Anyways, please review and let me know if you like it :)

PS: sorry about all the cursing... 




“Jack! Where the fuck have you been, bitch?” I roll my eyes as my best friend, Clark Carlie Carter (her parents must have had a field day naming her) walks up and slings her arm over my shoulders.

“That bit got old two years ago,” I tell her. After all, I live with this girl. I’d literally just seen her two minutes ago, before I’d gone to say hello to my friends in Gryffindor. I’m doing my best to get to know them better this year, because Clark’s going to graduate, and then I’ll be all alone without a best friend. Yes, we’ll still talk every day, but that’s beside the point. Why not make friends in my own house, you ask? Well, Ravenclaws are great, don’t get me wrong, but I’ve alienated pretty much all of them by having the infamous Clark Carter as my best friend.

See, the girl can be a bit of a bitch.

“Shut the fuck up,” the girl says to me nastily.

Okay, a total bitch.

But I’m one of the only people in the whole school who knows to not take her seriously.

“So, ready for seventh year?” I ask her as she drags me away from Rose, Ana, Serra, and Rob and towards the Hogwarts Express. We may have ten minutes before it leaves, but Clark knows I like to get on early.

“We’re gonna kick ass and take names,” she announces, flourishing her hand in the air dramatically. I sigh and shake my head.

“I can’t believe you’re ditching me. Fucking bitch.” 

Oh, I should mention. Hanging out with Clark so much means that she’s rubbed off on me. So I curse a lot too, and I can be a bit of a bitch. But only when I’m angry. Or annoyed. Or tired.

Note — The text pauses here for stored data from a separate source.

(* Let $(\check{x}, \check{y}) \in E$ be a feasible solution of (A). Suppose that the functions $\varphi_k$ are $\partial^{u}_D$-pseudoconvex at $(\check{x}, \check{y})$ for every $k = 1,\dots,n$, that the functions $\mathcal{H}_j$ ($j \in J_0(\check{x},\check{y})$), $\phi_s$ ($s \in S_0(\check{x},\check{y})$) and $\Psi$ are $\partial^{u}_D$-quasiconvex at $(\check{x}, \check{y})$, and that $(x,y) - (\check{x}, \check{y}) \in D$ for the feasible points $(x,y)\in E$. If there exists $\delta^* = (\xi^*, \tau^*, \rho^*, \eta^* ) \in \mathbb{R}_+^{n+p+q+1}$ with $\xi^* \neq 0_{\mathbb{R}^n}$ such that \[ (0,0) \in \sum_{k=1}^{n} \xi^*_k\, \partial^{us}_D \varphi_k(\check{x},\check{y}) + \sum_{j=1}^{p} \tau_j^*\, \partial^{u}_D \mathcal{H}_j(\check{x},\check{y}) + \sum_{s=1}^{q} \rho^*_s\, \partial^{u}_D \phi_s(\check{x},\check{y}) + \eta^*\, \partial^{u}_D \Psi(\check{x},\check{y}) + N_D(0_{n_1+n_2}), \] \[ \tau_j^* \mathcal{H}_j(\check{x},\check{y}) = 0 \ \ \forall j \in J, \qquad \rho^*_s \phi_s(\check{x},\check{y}) = 0 \ \ \forall s \in S, \] where $\partial^{us}_D \varphi_k(\check{x},\check{y}) = \partial^{us}_D \mathcal{F}_k(\check{x},\check{y}) + \Phi_k(\check{x},\check{y})\,\partial^{us}_D(-\mathcal{G}_k)(\check{x},\check{y})$, then $(\check{x}, \check{y})$ is a weak Pareto solution of (A).
   Context: Problem (A) is the multiobjective fractional bilevel problem: $\mathbb{R}^n_+$-minimize $\big(\mathcal{F}_1(x,y)/\mathcal{G}_1(x,y),\dots,\mathcal{F}_n(x,y)/\mathcal{G}_n(x,y)\big)$ over $(x,y)\in\mathbb{R}^{n_1}\times\mathbb{R}^{n_2}$ subject to $\mathcal{H}_j(x,y)\le 0$ for all $j\in J=\{1,\dots,p\}$ and $y\in\mathfrak{B}(x)$, where $\mathfrak{B}(x)$ is the solution set of the lower level problem $\min_y f(x,y)$ s.t. $\phi_s(x,y)\le 0$, $s\in S=\{1,\dots,q\}$; all functions are real-valued, and $\mathcal{F}_k\ge 0$, $\mathcal{G}_k>0$ on the feasible set. $(\check{x},\check{y})$ is a weak Pareto solution of (A) if there is no feasible $(x,y)$ with $\mathcal{F}_k(x,y)/\mathcal{G}_k(x,y) < \mathcal{F}_k(\check{x},\check{y})/\mathcal{G}_k(\check{x},\check{y})$ for all $k$. With $Y(x)=\{y:\phi_s(x,y)\le0\ \forall s\}$ uniformly bounded around $\check{x}$, $\Theta$ is the compact set $cl(\bigcup_{x\in \mathbb{U}_{\check{x}}}Y(x))$ plus the closed unit ball, $\Delta_C(z) = -d(z,\mathbb{R}^m\setminus C)$ if $z\in C$ and $d(z,C)$ otherwise, and $\Psi(x,y)=\max_{z\in\Theta}\min\{f(x,y)-f(x,z),\,-\Delta_{-\mathbb{R}^q_+}(\phi_1(x,z),\dots,\phi_q(x,z))\}$. The single-level feasible set is $E=\{(x,y): \mathcal{H}_j(x,y)\le0\ \forall j\in J,\ \phi_s(x,y)\le0\ \forall s\in S,\ \Psi(x,y)\le0\}$. Set $\Phi_k(\check{x},\check{y})=\mathcal{F}_k(\check{x},\check{y})/\mathcal{G}_k(\check{x},\check{y})$ and $\varphi_k(x,y)=\mathcal{F}_k(x,y)-\Phi_k(\check{x},\check{y})\mathcal{G}_k(x,y)$. $J_0(\check{x},\check{y})=\{j:\mathcal{H}_j(\check{x},\check{y})=0\}$, $S_0(\check{x},\check{y})=\{s:\phi_s(\check{x},\check{y})=0\}$. A direction $d$ is a continuity direction of $h$ at $x$ if $h(x+p_kd)\to h(x)$ for all $p_k\searrow0$; $D$ is the intersection of the sets of continuity directions at $(\check{x},\check{y})$ of all $\Phi_k$, $\mathcal{H}_j$, $\phi_s$ and $\Psi$, and $N_D(0_{n_1+n_2})=T(D,0_{n_1+n_2})^\circ$ (negative polar of the contingent cone). A closed set $\partial^u_D h(x)$ is a directional upper convexificator (DUCF) of $h$ at $x$ if $h^-(x;d)\le\sup_{x^*\in\partial^u_D h(x)}\langle x^*,d\rangle$ for all $d\in D$, and a closed set $\partial^{us}_D h(x)$ is a directional upper semi-regular convexificator (DUSRCF) if the same holds with the upper Dini derivative $h^+(x;d)$; here $\mathcal{F}_k,-\mathcal{G}_k$ admit DUSRCFs and $\mathcal{H}_j,\phi_s,\Psi$ admit DUCFs at $(\check{x},\check{y})$. A function $h$ with directional convexificator $\partial^u_D h(\check{a},\check{b})$ is $\partial^u_D$-quasiconvex at $(\check{a},\check{b})$ if for all $(a,b)$ with $(a,b)-(\check{a},\check{b})\in D$: $h(a,b)\le h(\check{a},\check{b})$ implies $\langle x^*,(a,b)-(\check{a},\check{b})\rangle\le0$ for all $x^*\in\partial^u_D h(\check{a},\check{b})$; it is $\partial^u_D$-pseudoconvex if for all $(a,b)$ with $(a,b)-(\check{a},\check{b})\in D\setminus\{0\}$: $h(a,b)<h(\check{a},\check{b})$ implies $\langle x^*,(a,b)-(\check{a},\check{b})\rangle<0$ for all $x^*\in\partial^u_D h(\check{a},\check{b})$. *)

From HB Require Import structures.
From mathcomp Require Import all_boot all_order all_algebra.
From mathcomp Require Import all_classical all_reals all_analysis.
Set Implicit Arguments. Unset Strict Implicit. Unset Printing Implicit Defensive.
Import Order.TTheory GRing.Theory Num.Theory.
Import numFieldNormedType.Exports.
Local Open Scope classical_set_scope.
Local Open Scope ring_scope.

Section Defs.
Variables (R : realType) (n1 n2 : nat).

Definition pt := ('rV[R]_n1 * 'rV[R]_n2)%type.

Definition padd (a b : pt) : pt := (a.1 + b.1, a.2 + b.2).
Definition psub (a b : pt) : pt := (a.1 - b.1, a.2 - b.2).
Definition pscale (t : R) (a : pt) : pt := (t *: a.1, t *: a.2).
Definition pzero : pt := (0, 0).

Definition pdot (a b : pt) : R :=
  \sum_(i < n1) a.1 ord0 i * b.1 ord0 i + \sum_(i < n2) a.2 ord0 i * b.2 ord0 i.

Definition cont_dir (h : pt -> R) (a : pt) (d : pt) : Prop :=
  forall p : nat -> R,
    (forall k, 0 < p k) -> (forall k, p k.+1 <= p k) -> p @ \oo --> 0 ->
    (fun k => h (padd a (pscale (p k) d))) @ \oo --> h a.

Definition contingent (C : set pt) (a : pt) : set pt :=
  [set v | exists (t : nat -> R) (w : nat -> pt),
      (forall k, 0 < t k) /\ t @ \oo --> 0 /\ w @ \oo --> v /\
      (forall k, C (padd a (pscale (t k) (w k))))].

Definition neg_polar (K : set pt) : set pt :=
  [set u | forall v, K v -> pdot u v <= 0].

Definition dini_quot (h : pt -> R) (a d : pt) (t : R) : R :=
  (h (padd a (pscale t d)) - h a) / t.

Definition dini_lower (h : pt -> R) (a d : pt) : \bar R :=
  ereal_sup [set ereal_inf [set (dini_quot h a d t)%:E | t in `]0, e[]
            | e in `]0, +oo[].

Definition dini_upper (h : pt -> R) (a d : pt) : \bar R :=
  ereal_inf [set ereal_sup [set (dini_quot h a d t)%:E | t in `]0, e[]
            | e in `]0, +oo[].

Definition sup_pairing (S : set pt) (d : pt) : \bar R :=
  ereal_sup [set (pdot u d)%:E | u in S].

Definition DUCF (h : pt -> R) (a : pt) (D : set pt) (S : set pt) : Prop :=
  closed S /\ forall d, D d -> (dini_lower h a d <= sup_pairing S d)%E.

Definition DUSRCF (h : pt -> R) (a : pt) (D : set pt) (S : set pt) : Prop :=
  closed S /\ forall d, D d -> (dini_upper h a d <= sup_pairing S d)%E.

“Maybe I should flunk my NEWTs make them hold me back,” she considers. I snort. 

“Fat chance.” Clark’s almost as smart as me. And by that I mean that while I may technically be smarter, she’s more well-rounded. And she plays quidditch. I’ve tried that. And failed.


Many times. 

We walk to the back of the train together to claim our usual compartment. Both of us immediately take up our entire benches, leaning against the window. Clark pulls out the latest issue of Witch Weekly, and I produce a huge, complex book all about the abstract theories of magic. I love that shit. It was reading all those books that made me so good at magic to begin with; others may find them boring and pointless, but I’ve perfected the art of gleaning them for relevant information. By relevant I mean anything that will make me better. Already I’ve learned how to invent my own spells, do perfect nonverbal magic, and put an original twist on my potions. 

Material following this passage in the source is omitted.